До сих пор звучит в голове злое, раздраженное, совершенно незнакомым голосом родного человека. И лицо, точнее перекошенная гримаса, словно восковая маска плотно врезается в память, отказываясь исчезать.

— Почему ты не сдох вместо нее?!

Очередной не то рык, не то оклик летит в спину, когда на автомате несешься прочь из того места, в котором с каждой последующей минутой дальнейшего нахождения становится невыносимее предыдущего дня, вечера или просто ночи.

Руки дрожат, не слушаются, отказываются подчиняться приказам разума, потому шнурки кед незатейливо запихиваются туда же, куда едва получается впихнуть не слушающиеся нижние конечности. Едва успеваешь сдернуть с крючка куртку и подхватить рюкзак, который минутами ранее бросил здесь же, когда только пришел. Едва успеваешь открыть дверь и отскочить в сторону. Едва, едва. Эта доля секунды в очередной раз спасает тебе жизнь.

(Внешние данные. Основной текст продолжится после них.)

(* If a hypergraph $H$ is degenerate, then its suspension $S(H)$ is degenerate.
   Context: A hypergraph $H=(V,E)$ has finite vertex set $V$ and edge set $E\subseteq 2^V$; $R(H)=\{|F|:F\in E\}$. $H_1\subseteq H_2$ means there is an injective $f\colon V(H_1)\to V(H_2)$ with $f(F)\in E(H_2)$ for all $F\in E(H_1)$. For $G$ on $n$ vertices, $h_n(G)=\sum_{F\in E(G)}1/\binom{n}{|F|}$; $\pi_n(H)=\max\{h_n(G): G\text{ on } n \text{ vertices}, R(G)\subseteq R(H), H\not\subseteq G\}$ and $\pi(H)=\lim_n\pi_n(H)$. $H$ is degenerate if $\pi(H)=|R(H)|-1$. The suspension $S(H)$ has vertex set $V(H)\cup\{\ast\}$ for a new vertex $\ast$ and edge set $\{F\cup\{\ast\}: F\in E(H)\}$. *)

From HB Require Import structures.
From mathcomp Require Import all_boot all_order all_algebra.
From mathcomp Require Import all_classical all_reals all_analysis.
Set Implicit Arguments. Unset Strict Implicit. Unset Printing Implicit Defensive.
Import Order.TTheory GRing.Theory Num.Theory.
Import numFieldNormedType.Exports.
Local Open Scope classical_set_scope.
Local Open Scope ring_scope.

Record hgraph := Hgraph { hv : nat; he : {set {set 'I_hv}} }.

Definition Rsizes (H : hgraph) : seq nat := undup [seq #|F| | F : {set 'I_(hv H)} in he H].

Definition contained (H : hgraph) (n : nat) (E : {set {set 'I_n}}) : Prop :=
  exists f : 'I_(hv H) -> 'I_n, injective f /\ forall F, F \in he H -> f @: F \in E.

Definition hn (R : realType) (n : nat) (E : {set {set 'I_n}}) : R :=
  \sum_(F in E) ('C(n, #|F|))%:R^-1.

Definition admissible (H : hgraph) (n : nat) (E : {set {set 'I_n}}) : Prop :=
  (forall F, F \in E -> #|F| \in Rsizes H) /\ ~ contained H E.

(* pi_n(H): maximum of h_n over admissible G (0 if there is none; h_n >= 0). *)
Definition pin (R : realType) (H : hgraph) (n : nat) : R :=
  \big[Num.max/0]_(E : {set {set 'I_n}} | `[< admissible H E >]) hn R E.

Definition degenerate (R : realType) (H : hgraph) : Prop :=
  (fun n => pin R H n) @ \oo --> ((size (Rsizes H))%:R - 1 : R).

Definition suspension (H : hgraph) : hgraph :=
  @Hgraph (hv H).+1
    [set ord_max |: (widen_ord (leqnSn (hv H)) @: F) | F : {set 'I_(hv H)} in he H].

(* For the upper bound, take an admissible family E for S(H) on n+1 vertices and a
   vertex v.  The link of v (the edges through v, with v removed) is admissible for H, since a copy
   of H in the link extends by v to a copy of S(H) in E; so h_n(link v) <= pi_n(H).  Every edge of E
   has size at least 1, and double counting over v gives
   sum_v h_n(link v) = (n+1) h_{n+1}(E), whence pi_{n+1}(S(H)) <= pi_n(H).
   For the lower bound, for any H on at most m vertices, taking all m-sets of sizes in R(H) except
   one shows pi_m(H) >= |R(H)| - 1.  As |R(S(H))| = |R(H)|, pi_{n+1}(S(H)) is squeezed between
   |R(H)| - 1 and pi_n(H), which tends to |R(H)| - 1. *)
From mathcomp Require Import all_boot all_order all_algebra.
From mathcomp Require Import all_classical all_reals all_analysis.
From mathcomp Require Import ring lra.
Import Order.TTheory GRing.Theory Num.Theory.
Import numFieldNormedType.Exports.
Set Implicit Arguments. Unset Strict Implicit. Unset Printing Implicit Defensive.
Local Open Scope ring_scope.

Definition cone n (v : 'I_n.+1) (F : {set 'I_n}) : {set 'I_n.+1} := v |: (lift v @: F).

Lemma card_cone n (v : 'I_n.+1) F : #|cone v F| = #|F|.+1.
Proof.
rewrite cardsU1 card_imset; last exact: lift_inj.
suff -> : v \notin lift v @: F by [].
by apply/imsetP => -[j _ vE]; move: (neq_lift v j); rewrite -vE eqxx.
Qed.

Lemma coneK n (v : 'I_n.+1) F : lift v @^-1: cone v F = F.
Proof.
apply/setP => j; rewrite !inE eq_sym (negbTE (neq_lift v j)) /=.
by rewrite (mem_imset _ _ (@lift_inj _ v)).
Qed.

Lemma cone_inj n (v : 'I_n.+1) : injective (cone v).
Proof. by move=> A B eqAB; rewrite -(coneK v A) eqAB coneK. Qed.

Lemma lift_ord_max n : lift ord_max =1 widen_ord (leqnSn n).
Proof. by move=> i; apply: val_inj; apply: lift_max. Qed.

Lemma suspensionE (H : hgraph) : he (suspension H) = cone ord_max @: he H.
Proof. by apply: eq_imset => F; rewrite /cone (eq_imset _ (@lift_ord_max _)). Qed.

Lemma Rsizes_suspension (H : hgraph) : Rsizes (suspension H) =i map succn (Rsizes H).
Proof.
move=> k; rewrite /Rsizes mem_undup suspensionE; apply/idP/mapP.
  case/fintype.imageP => _ /imsetP[F HF ->] ->; rewrite card_cone.
  by exists #|F|; rewrite // mem_undup; apply/fintype.imageP; exists F.
case=> j + ->; rewrite mem_undup => /fintype.imageP[F HF ->].
by apply/fintype.imageP; exists (cone ord_max F); rewrite ?card_cone ?imset_f.
Qed.

Lemma size_Rsizes_suspension (H : hgraph) :
  size (Rsizes (suspension H)) = size (Rsizes H).
Proof.
rewrite -(size_map succn (Rsizes H)); apply/perm_size/uniq_perm.
- exact: undup_uniq.
- by rewrite (map_inj_uniq succn_inj) undup_uniq.
- exact: Rsizes_suspension.
Qed.

Lemma Rsizes_leq (H : hgraph) k : k \in Rsizes H -> (k <= hv H)%N.
Proof.
rewrite /Rsizes mem_undup => /fintype.imageP[F _ ->].
by apply: leq_trans (max_card F) _; rewrite card_ord.
Qed.

Lemma RsizesP (H : hgraph) k : k \in Rsizes H -> exists2 F, F \in he H & #|F| = k.
Proof. by rewrite /Rsizes mem_undup => /fintype.imageP[F HF ->]; exists F. Qed.

Definition link n (v : 'I_n.+1) (E : {set {set 'I_n.+1}}) : {set {set 'I_n}} :=
  [set F | cone v F \in E].

Lemma cone_preimset n (v : 'I_n.+1) (F : {set 'I_n.+1}) :
  v \in F -> cone v (lift v @^-1: F) = F.
Proof.
move=> vF; apply/setP => u; rewrite /cone !inE.
case: (unliftP v u) => [j ->|->]; last by rewrite eqxx vF.
by rewrite eq_sym (negbTE (neq_lift v j)) (mem_imset _ _ (@lift_inj _ v)) inE.
Qed.

Lemma cone_link n (v : 'I_n.+1) E : cone v @: link v E = [set F in E | v \in F].
Proof.
apply/setP => F; rewrite !inE; apply/imsetP/andP.
  by case=> G; rewrite inE => HG ->; rewrite /cone setU11.
by case=> HF vF; exists (lift v @^-1: F); rewrite ?inE cone_preimset.
Qed.

Lemma hn_link (R : realType) n (v : 'I_n.+1) E :
  hn R (link v E) = \sum_(F in E | v \in F) ('C(n, #|F|.-1))%:R^-1.
Proof.
rewrite (eq_bigl [in [set F in E | v \in F]]); last by move=> F; rewrite !inE.
rewrite -cone_link big_imset /=; last by move=> A B _ _; apply: cone_inj.
by apply: eq_bigr => F _; rewrite card_cone.
Qed.

Lemma natr_div_bin_pred (R : numFieldType) n k : (0 < k <= n.+1)%N ->
  k%:R / ('C(n, k.-1))%:R = n.+1%:R / ('C(n.+1, k))%:R :> R.
Proof.
case: k => // k /= le_k_n.
have [Cn_neq0 CSn_neq0] : ('C(n, k))%:R != 0 :> R /\ ('C(n.+1, k.+1))%:R != 0 :> R.
  by rewrite !pnatr_eq0 -!lt0n !bin_gt0.
by apply/eqP; rewrite eqr_div // -!natrM mulnC (mul_bin_diag n.+1 k) mulnC.
Qed.

(* Each edge F of E is counted once in the link of each of its #|F| vertices. *)
Lemma sum_hn_link (R : realType) n (E : {set {set 'I_n.+1}}) :
  (forall F, F \in E -> 0 < #|F|)%N ->
  \sum_(v : 'I_n.+1) hn R (link v E) = n.+1%:R * hn R E.
Proof.
move=> E_gt0; under eq_bigr do rewrite hn_link.
rewrite (exchange_big_dep [in E]) /=; last by move=> ? ? _ /andP[].
rewrite /hn mulr_sumr; apply: eq_bigr => F EF.
rewrite (eq_bigl [in F]); last by move=> v; rewrite EF.
rewrite sumr_const -(mulr_natl _ #|F|) natr_div_bin_pred // E_gt0 //=.
by apply: leq_trans (max_card F) _; rewrite card_ord.
Qed.

Definition extend_ord k n (v : 'I_n.+1) (f : 'I_k -> 'I_n) (i : 'I_k.+1) : 'I_n.+1 :=
  if unlift ord_max i is Some j then lift v (f j) else v.

Lemma extend_ord_lift k n v (f : 'I_k -> 'I_n) j :
  extend_ord v f (lift ord_max j) = lift v (f j).
Proof. by rewrite /extend_ord liftK. Qed.

Lemma extend_ord_max k n v (f : 'I_k -> 'I_n) : extend_ord v f ord_max = v.
Proof. by rewrite /extend_ord unlift_none. Qed.

Lemma extend_ord_inj k n v (f : 'I_k -> 'I_n) : injective f -> injective (extend_ord v f).
Proof.
move=> f_inj i1 i2.
case: (unliftP ord_max i1) => [j1|] ->; case: (unliftP ord_max i2) => [j2|] ->;
  rewrite ?extend_ord_lift ?extend_ord_max //.
- by move/lift_inj/f_inj ->.
- by move/eqP; rewrite eq_sym (negbTE (neq_lift _ _)).
- by move/eqP; rewrite (negbTE (neq_lift _ _)).
Qed.

Lemma extend_ord_cone k n v (f : 'I_k -> 'I_n) F :
  extend_ord v f @: cone ord_max F = cone v (f @: F).
Proof.
rewrite /cone imsetU1 extend_ord_max -!imset_comp.
by congr (_ |: _); apply: eq_imset => j /=; rewrite extend_ord_lift.
Qed.

Lemma contained_suspension_link (H : hgraph) n (v : 'I_n.+1) E :
  contained H (link v E) -> contained (suspension H) E.
Proof.
case=> f [f_inj fE]; exists (extend_ord v f); split; first exact: extend_ord_inj.
rewrite suspensionE => _ /imsetP[F HF ->].
by rewrite extend_ord_cone; have := fE F HF; rewrite inE.
Qed.

Lemma admissible_link (H : hgraph) n (v : 'I_n.+1) E :
  admissible (suspension H) E -> admissible H (link v E).
Proof.
case=> E_sizes E_free; split; last by move/contained_suspension_link.
move=> F; rewrite inE => /E_sizes.
by rewrite Rsizes_suspension card_cone (mem_map succn_inj).
Qed.

Lemma hn_ge0 (R : realType) n (E : {set {set 'I_n}}) : 0 <= hn R E.
Proof. by apply: sumr_ge0 => F _; rewrite invr_ge0 ler0n. Qed.

Lemma pin_ge0 (R : realType) H n : 0 <= pin R H n.
Proof.
rewrite /pin; elim/big_ind: _ => // [x y x_ge0 y_ge0|E _].
  by rewrite le_max x_ge0.
exact: hn_ge0.
Qed.

Lemma hn_le_pin (R : realType) H n (E : {set {set 'I_n}}) :
  admissible H E -> hn R E <= pin R H n.
Proof. by move=> HE; apply: le_bigmax_cond; apply/asboolP. Qed.

Lemma pin_suspension_le (R : realType) H n :
  pin R (suspension H) n.+1 <= pin R H n.
Proof.
apply: bigmax_le; first exact: pin_ge0.
move=> E /asboolP HE.
have E_gt0 F : F \in E -> (0 < #|F|)%N.
  by move/(proj1 HE); rewrite Rsizes_suspension => /mapP[k _ ->].
rewrite -(@ler_pM2l _ n.+1%:R) ?ltr0n // -sum_hn_link //.
apply: (@le_trans _ _ (\sum_(v < n.+1) pin R H n)).
  by apply: ler_sum => v _; apply/hn_le_pin/admissible_link.
by rewrite sumr_const card_ord mulr_natl.
Qed.

Lemma hn_level (R : realType) m k : (k <= m)%N ->
  hn R [set F : {set 'I_m} | #|F| == k] = 1.
Proof.
move=> le_km; rewrite /hn (eq_bigr (fun=> ('C(m, k))%:R^-1)) => [|F]; last first.
  by rewrite inE => /eqP ->.
rewrite sumr_const card_draws card_ord -(mulr_natr (('C(m, k))%:R^-1 : R)) mulVf //.
by rewrite pnatr_eq0 -lt0n bin_gt0.
Qed.

Lemma hn_card_in (R : realType) m (s : seq nat) : uniq s -> {in s, forall k, k <= m}%N ->
  hn R [set F : {set 'I_m} | #|F| \in s] = (size s)%:R.
Proof.
elim: s => [_ _|k s IHs /= /andP[k_notin_s s_uniq] le_s_m].
  by rewrite /hn big_pred0 // => F; rewrite inE.
rewrite /hn (eq_bigl [predU [set F : {set 'I_m} | #|F| == k]
                         & [set F : {set 'I_m} | #|F| \in s]]) => [|F]; last first.
  by rewrite !inE.
rewrite bigU; last first.
  by apply/pred0P => F; rewrite /= !inE; case: eqP => // ->; rewrite (negbTE k_notin_s).
change (hn R [set F : {set 'I_m} | #|F| == k] + hn R [set F : {set 'I_m} | #|F| \in s]
        = (size s).+1%:R).
rewrite hn_level ?le_s_m ?mem_head // IHs // => [|j js]; first by rewrite -nat1r.
by rewrite le_s_m // inE js orbT.
Qed.

(* Drop one size k from R(H): an edge of H of size k has nowhere to go. *)
Lemma pin_ge_size_Rsizes (R : realType) H m : (hv H <= m)%N ->
  (size (Rsizes H))%:R - 1 <= pin R H m.
Proof.
move=> le_H_m; have := undup_uniq [seq #|F| | F : {set 'I_(hv H)} in he H].
rewrite -/(Rsizes H); case def_sizes: (Rsizes H) => [|k s] /=.
  by have := pin_ge0 R H m; lra.
case/andP=> k_notin_s s_uniq.
have sizes_le_m j : j \in s -> (j <= m)%N.
  by move=> js; apply: leq_trans le_H_m; apply: Rsizes_leq; rewrite def_sizes inE js orbT.
rewrite -nat1r addrC addKr -(hn_card_in R s_uniq sizes_le_m).
apply: hn_le_pin; split => [F|[f [f_inj fE]]].
  by rewrite inE def_sizes inE => ->; rewrite orbT.
have [F HF card_F] : exists2 F, F \in he H & #|F| = k.
  by apply: RsizesP; rewrite def_sizes mem_head.
by have := fE F HF; rewrite inE card_imset // card_F (negbTE k_notin_s).
Qed.

Theorem mainTheorem18 (R : realType) (H : hgraph) :
  degenerate R H -> degenerate R (suspension H).
Proof.
rewrite /degenerate size_Rsizes_suspension => piH_cvg.
rewrite -cvg_shiftS.
apply: (squeeze_cvgr _ (cvg_cst ((size (Rsizes H))%:R - 1 : R)) piH_cvg).
near=> n; rewrite /= pin_suspension_le andbT -size_Rsizes_suspension.
by apply: pin_ge_size_Rsizes; near: n; exists (hv H).
Unshelve. all: by end_near.
Qed.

Ты даже оглядываешься всего на мгновение, чтобы зацепить взглядом лязгнувший металлом предмет. Острое лезвие крутится подобно спиннеру, встретившись с бетонкой лестничной площадки. Красиво крутится, поблескивая литым боком и отражая свет от единственной неяркой лампочки под потолком. Всего мгновение любования, чтобы осознать, что этот раз мог оказаться последним, решающим и тем самым избавляющим от мук земных и кары небесной. Но ты в очередной раз оказался проворнее, буквально в последний миг ускользая от серпа старухи с косой. На секунду даже кажется, что за спиной слышишь разочарованный вздох из-под плотного капюшона костлявой гостьи. Но, наверное, все же кажется, ибо новые крики и ругань перекрывают вообще все звуки пространства.

— Вот и проваливай к дьяволу, выродок! И чтоб ноги твой больше здесь не было! Вернешься — придушу собственными руками! Поэтому лучше сдохни где-нибудь сам!

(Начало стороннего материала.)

(* Let $G$ be a connected finite simple undirected graph with vertex set $V_G$, $|V_G|\ge 3$, and maximum degree $d_G$. Let $W:V_G\to\mathbb{R}$ have a unique minimizer and suppose that the second-smallest value of $W$ (counted with multiplicity over vertices) exceeds the minimum value by exactly $1$. For $s\in[0,1]$ let $H(s)=(1-s)L_G+s\sum_{x}W(x)|x\rangle\langle x|$ and let $\gamma(s)$ be the gap between the smallest and second-smallest eigenvalues of $H(s)$. Suppose that for every $s\in[0,1)$ the ground state of $H(s)$ is single-peaked. Then for all $s\in[0,1]$, $$\gamma(s)\ge\min\left\{\frac{7}{16},\ \frac{1}{16\,d_G^2\,(8|W|+1)\,|V_G|^2}\right\},$$ where $|W|=\max_x W(x)-\min_x W(x)$; in particular $\gamma(s)=\Omega\!\left(\frac{1}{d_G^2|W||V_G|^2}\right)$ uniformly in $s\in[0,1]$.
   Context: For a finite simple undirected graph $G$ with vertex set $V_G$, let $\mathcal{H}_G$ be the complex Hilbert space with orthonormal basis $\{|x\rangle : x\in V_G\}$. The graph Laplacian is $L_G=\sum_{x} d_x |x\rangle\langle x| - \sum_{x\sim y}|x\rangle\langle y|$, where $d_x$ is the degree of $x$ and the second sum runs over ordered pairs of adjacent vertices. For $s\in[0,1)$ and connected $G$, the ground state of $H(s)$ is nondegenerate and can be written $\sum_x\psi(x)|x\rangle$ with $\psi(x)>0$ for all $x$ (Perron–Frobenius). Such a $\psi$ has a local maximum at $x$ if $\psi(x)\ge\psi(y)$ for every neighbor $y$ of $x$, and $\psi$ is single-peaked if the set of its local maxima forms a connected set of vertices in $G$. *)

From HB Require Import structures.
From mathcomp Require Import all_boot all_order all_algebra.
From mathcomp Require Import reals.
Set Implicit Arguments. Unset Strict Implicit. Unset Printing Implicit Defensive.
Import Order.TTheory GRing.Theory Num.Theory.
Local Open Scope ring_scope.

А дальнейшее ты просто не слушаешь, потому что сначала несешься вниз через ступени, по бесконечным пролетам, а потом с той же скоростью из двора-колодца и вдоль по улице. И неважно, куда именно несут тебя ноги, лишь бы подальше, как можно дальше, хоть в другой город, хоть на другую планету, только куда-нибудь бесконечно далеко.

Не так ты планировал этот побег, совсем не так. Думал, что выйдет пафосно, эффектно, когда ты бросишь в него увесистой пачкой купюр, которые он якобы на тебя тратил весь последний год и которые ты, на самом деле, складывал в стопочку и не прикасался к ним, даже когда желудок от голода сводило адской болью. Не тратил, потому что не хотел мараться, не хотел быть причастным к его темным делишкам, которые он проворачивал, думая, что никто это не знает. Тебе было достаточно и того, что знал именно Ты.

Ты думал, что рассмеешься, глядя на вытянутое от удивления лицо, и с гордо поднятой головой уйдешь, хлопнув дверью. Думал, что назовешь его неудачником. Думал, что плюнешь ему в лицо. Думал, что демонстративно заберешь единственную стоящую на видном месте фотографию матери, вынешь ее из рамки и унесешь с собой. Ту единственную, на которой она улыбалась и выглядела счастливее всего. Самая удачная и самая последняя фотокарточка. А по злому року вышло, что это фото сейчас лежит под разбитым куском стекла где-то  на полу, украшенное каплями алой крови, не твоей, но той, которая успела накапать из чужой раны.

Но ты все-таки хлопнул дверью, с этим фактом не поспоришь. Правда, хлопок был лишь в тот момент, когда ты вылетал из квартиры, и громыхнула она о стену в подъезде, а вовсе не о косяк с выдранными клочьями древесины на месте прошлых замков.

И пачка эта плотно перевязанных купюр покоится где-то на дне рюкзака. Наверное, оно и к лучшему, тебе они теперь нужнее. Наверное.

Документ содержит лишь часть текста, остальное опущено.